Thermodynamic systems as bosonic strings

TL;DR

This paper models thermodynamic systems using geometric principles, showing that their phase space and equilibrium states can be described by invariant metrics satisfying Nambu-Goto-like equations, linking thermodynamics with string theory concepts.

Contribution

It introduces a novel geometric framework for thermodynamics based on variational principles and string theory analogies, providing new solutions for thermodynamic systems.

Findings

Legendre invariant metrics describe ideal and van der Waals gases.

Equilibrium space volume elements are extremal, satisfying Nambu-Goto equations.

New solutions potentially representing specific thermodynamic systems are derived.

Abstract

We apply variational principles in the context of geometrothermodynamics. The thermodynamic phase space ${\cal T}$ and the space of equilibrium states ${\cal E}$ turn out to be described by Riemannian metrics which are invariant with respect to Legendre transformations and satisfy the differential equations following from the variation of a Nambu-Goto-like action.
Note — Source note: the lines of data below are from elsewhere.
(* Let $\alpha$ be an admissible family of weights with basic coefficients $\nu_{\mathsf q},\xi_{\mathsf q},\nu_{\mathsf q\mathsf Q},\xi_{\mathsf q\mathsf Q}$. Then for all $\mathsf q,\mathsf Q\in\mathcal F$: (1) $\nu_{\mathsf q}^2=\nu_{\mathsf q}$ and $\xi_{\mathsf q}^2=\xi_{\mathsf q}$, i.e. $\nu_{\mathsf q},\xi_{\mathsf q}\in\{0,1\}$; (2) $t\,\nu_{\mathsf q}=t$ for $t\in\{\nu_{\mathsf q\mathsf Q},\xi_{\mathsf q},\xi_{\mathsf q\mathsf Q}\}$, i.e. $\nu_{\mathsf q}=0$ implies $\nu_{\mathsf q\mathsf Q}=\xi_{\mathsf q}=\xi_{\mathsf q\mathsf Q}=0$; (3) $|t|^2t=t$ for $t\in\{\nu_{\mathsf q\mathsf Q},\xi_{\mathsf q\mathsf Q}\}$, i.e. $\nu_{\mathsf q\mathsf Q},\xi_{\mathsf q\mathsf Q}\in\{0\}\cup\mathbb T$; (4) $\nu_{\mathsf q\mathsf Q}\xi_{\mathsf q}=\xi_{\mathsf q\mathsf Q}\xi_{\mathsf q}$, i.e. $\xi_{\mathsf q}=1$ implies $\nu_{\mathsf q\mathsf Q}=\xi_{\mathsf q\mathsf Q}$; (5) $\nu_{\mathsf q\mathsf Q}\xi_{\mathsf q\mathsf Q}=\nu_{\mathsf q\mathsf Q}\xi_{\mathsf q\mathsf Q}\xi_{\mathsf q}$, i.e. $\xi_{\mathsf q}=0$ implies $\nu_{\mathsf q\mathsf Q}=0$ or $\xi_{\mathsf q\mathsf Q}=0$.
   Context: Fix a finite set $\mathcal F$ of faces; $\mathbb T$ is the unit circle. For a word $\mathbf f\in\mathcal F^n$ ($n\ge1$), $[n]_{\mathbf f}$ is $\{1,\dots,n\}$ with faces $\ell\mapsto\mathbf f(\ell)$ (legs); $\mathcal P(\mathbf f)$ is the set of set partitions of $[n]$ viewed with these faces, $\mathcal P=\bigcup_{\mathbf f}\mathcal P(\mathbf f)$. A finite totally ordered set $S$ with a face map is identified with $[m]_{|S|}$ through the order-preserving bijection, so partitions of such sets are elements of $\mathcal P$. $1_{\mathbf f}$ is the one-block partition. For blocks $\beta_1\ne\beta_2$ of $\pi$, $\pi_{\beta_1\smile\beta_2}=(\pi\setminus\{\beta_1,\beta_2\})\cup\{\beta_1\cup\beta_2\}$, and $\{\beta_1,\beta_2\}$ is regarded as a partition of the multi-faced set $\beta_1\cup\beta_2$. Reduction: for $\pi\in\mathcal P(\mathbf f)$ let $s\sim t$ ($s\le t$) iff all $r\in[s,t]$ have the same face and lie in the same block; $\pi_{\mathrm{red}}$ is the induced partition of $[n]/\sim$. Mirror: $\overline{\mathbf f}(i)=\mathbf f(n+1-i)$, $\overline\pi=\{\{n+1-i:i\in\beta\}:\beta\in\pi\}$. Admissible: $\alpha=(\alpha_\pi)_{\pi\in\mathcal P}\subset\mathbb C$ with (i) $\alpha_{1_{\mathbf f}}=1$; (ii) $\alpha_{\{\{1\},\{2\}\}}=1$ for every $\mathbf f\in\mathcal F^2$; (iii) $\alpha_\pi=\alpha_{\pi_{\mathrm{red}}}$; (iv) if $\pi\in\mathcal P(\mathbf f)$ has blocks $\beta_1\ne\beta_2$ with $i\in\beta_1$, $i+1\in\beta_2$, $\mathbf f(i)=\mathbf f(i+1)$, then $\alpha_\pi=\alpha_{\pi_{\beta_1\smile\beta_2}}\alpha_{\{\beta_1,\beta_2\}}$; (v) $\alpha_\pi=\alpha_\sigma$ whenever $\pi\in\mathcal P(\mathbf f)$, $\sigma\in\mathcal P(\mathbf g)$ have the same set partition and $\mathbf f(\ell)=\mathbf g(\ell)$ for $1<\ell<n$; (vi) $\alpha_{\overline\pi}=\overline{\alpha_\pi}$. Basic coefficients (faces of first and last leg arbitrary, irrelevant by (v)): $\nu_{\mathsf q}=\alpha_\pi$ for $\pi=\{\{1,3\},\{2\}\}$ with $\mathbf f(2)=\mathsf q$; $\xi_{\mathsf q}=\alpha_\pi$ for $\pi=\{\{1,3\},\{2,4\}\}$ with $\mathbf f(2)=\mathbf f(3)=\mathsf q$; $\nu_{\mathsf q\mathsf Q}=\alpha_\pi$ for $\pi=\{\{1,4\},\{2,3\}\}$ with $\mathbf f(2)=\mathsf q$, $\mathbf f(3)=\mathsf Q$; $\xi_{\mathsf q\mathsf Q}=\alpha_\pi$ for $\pi=\{\{1,3\},\{2,4\}\}$ with $\mathbf f(2)=\mathsf q$, $\mathbf f(3)=\mathsf Q$. *)

From mathcomp Require Import all_boot all_algebra.
From mathcomp Require Import complex.
From mathcomp Require Import Rstruct.
Import GRing.Theory Num.Theory.
Set Implicit Arguments. Unset Strict Implicit. Unset Printing Implicit Defensive.
Local Open Scope ring_scope.

Definition Cplx : Type := (Rdefinitions.R)[i].

Section Admissible.
Variable F : finType.

(* A family of weights: alpha n f P for a word f of length n and a set
   partition P of [n] = 'I_n (0-based legs). Only values on genuine set
   partitions with n >= 1 matter. *)
Definition weights := forall n : nat, {ffun 'I_n -> F} -> {set {set 'I_n}} -> Cplx.

Definition valid_part n (P : {set {set 'I_n}}) := (0 < n)%N && partition P [set: 'I_n].

Definition same_block n (P : {set {set 'I_n}}) (i j : 'I_n) := pblock P i == pblock P j.

(* (Q on [m] with word g) is the reduction of (P on [n] with word f), witnessed by
   the (necessarily unique) monotone surjection c : [n] -> [n]/~ = [m]. *)
Definition is_reduction n (f : {ffun 'I_n -> F}) (P : {set {set 'I_n}})
    m (g : {ffun 'I_m -> F}) (Q : {set {set 'I_m}}) (c : 'I_n -> 'I_m) :=
  [/\ forall i j : 'I_n, (i <= j)%N -> (c i <= c j)%N,
      forall k : 'I_m, exists i, c i = k,
      forall i j : 'I_n, (i <= j)%N ->
        (c i = c j <-> forall r : 'I_n, (i <= r <= j)%N -> f r = f i /\ same_block P r i),
      forall i, g (c i) = f i
    & Q = [set c @: B | B : {set 'I_n} in P]].

Definition merge_blocks n (P : {set {set 'I_n}}) (B1 B2 : {set 'I_n}) :=
  (P :\ B1 :\ B2) :|: [set B1 :|: B2].

Definition admissible (alpha : weights) : Prop :=
  [/\ forall n (f : {ffun 'I_n.+1 -> F}), alpha n.+1 f [set [set: 'I_n.+1]] = 1,
      forall f : {ffun 'I_2 -> F},
        alpha 2 f [set [set (@ord0 1)]; [set (@ord_max 1)]] = 1,
      forall n (f : {ffun 'I_n -> F}) P, valid_part P ->
        forall m g Q (c : 'I_n -> 'I_m), is_reduction f P g Q c -> alpha n f P = alpha m g Q,
      forall n (f : {ffun 'I_n -> F}) P (B1 B2 : {set 'I_n}) (i j : 'I_n), valid_part P ->
        B1 \in P -> B2 \in P -> B1 != B2 -> i \in B1 -> j \in B2 -> val j = (val i).+1 ->
        f i = f j ->
        forall m (e : 'I_m -> 'I_n), (forall k l : 'I_m, (k < l)%N -> (e k < e l)%N) ->
          [set e k | k : 'I_m] = B1 :|: B2 ->
          alpha n f P = alpha n f (merge_blocks P B1 B2) *
                        alpha m [ffun k => f (e k)] [set e @^-1: B1; e @^-1: B2]
    & (forall n (f g : {ffun 'I_n -> F}) P, valid_part P ->
        (forall l : 'I_n, (0 < l < n.-1)%N -> f l = g l) -> alpha n f P = alpha n g P)
    /\ (forall n (f : {ffun 'I_n -> F}) P, valid_part P ->
        alpha n [ffun i => f (@rev_ord n i)] [set (@rev_ord n) @: B | B : {set 'I_n} in P]
        = (alpha n f P)^*)].

(* Basic coefficients (legs 0-based; first and last faces chosen arbitrarily). *)
Definition o3 (k : nat) : 'I_3 := inord k.
Definition o4 (k : nat) : 'I_4 := inord k.
Definition word4 (q Q : F) : {ffun 'I_4 -> F} := [ffun i : 'I_4 => if (i < 2)%N then q else Q].

Definition nu1 (alpha : weights) (q : F) : Cplx :=
  alpha 3 [ffun _ => q] [set [set o3 0; o3 2]; [set o3 1]].
Definition xi1 (alpha : weights) (q : F) : Cplx :=
  alpha 4 [ffun _ => q] [set [set o4 0; o4 2]; [set o4 1; o4 3]].
Definition nu2 (alpha : weights) (q Q : F) : Cplx :=
  alpha 4 (word4 q Q) [set [set o4 0; o4 3]; [set o4 1; o4 2]].
Definition xi2 (alpha : weights) (q Q : F) : Cplx :=
  alpha 4 (word4 q Q) [set [set o4 0; o4 2]; [set o4 1; o4 3]].

End Admissible.

From mathcomp Require Import all_boot all_algebra.
From mathcomp Require Import complex.
From mathcomp Require Import Rstruct.
Import GRing.Theory Num.Theory.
This implies that the volume element of ${\cal E}$ is an extremal and that ${\cal E}$ and ${\cal T}$ are related by an embedding harmonic map. We explore the physical meaning of geodesic curves in ${\cal E}$ as describing quasi-static processes that connect different equilibrium states. We present a Legendre invariant metric which is flat (curved) in the case of an ideal (van der Waals) gas and satisfies Nambu-Goto equations. The method is used to derive some new solutions which could represent particular thermodynamic systems.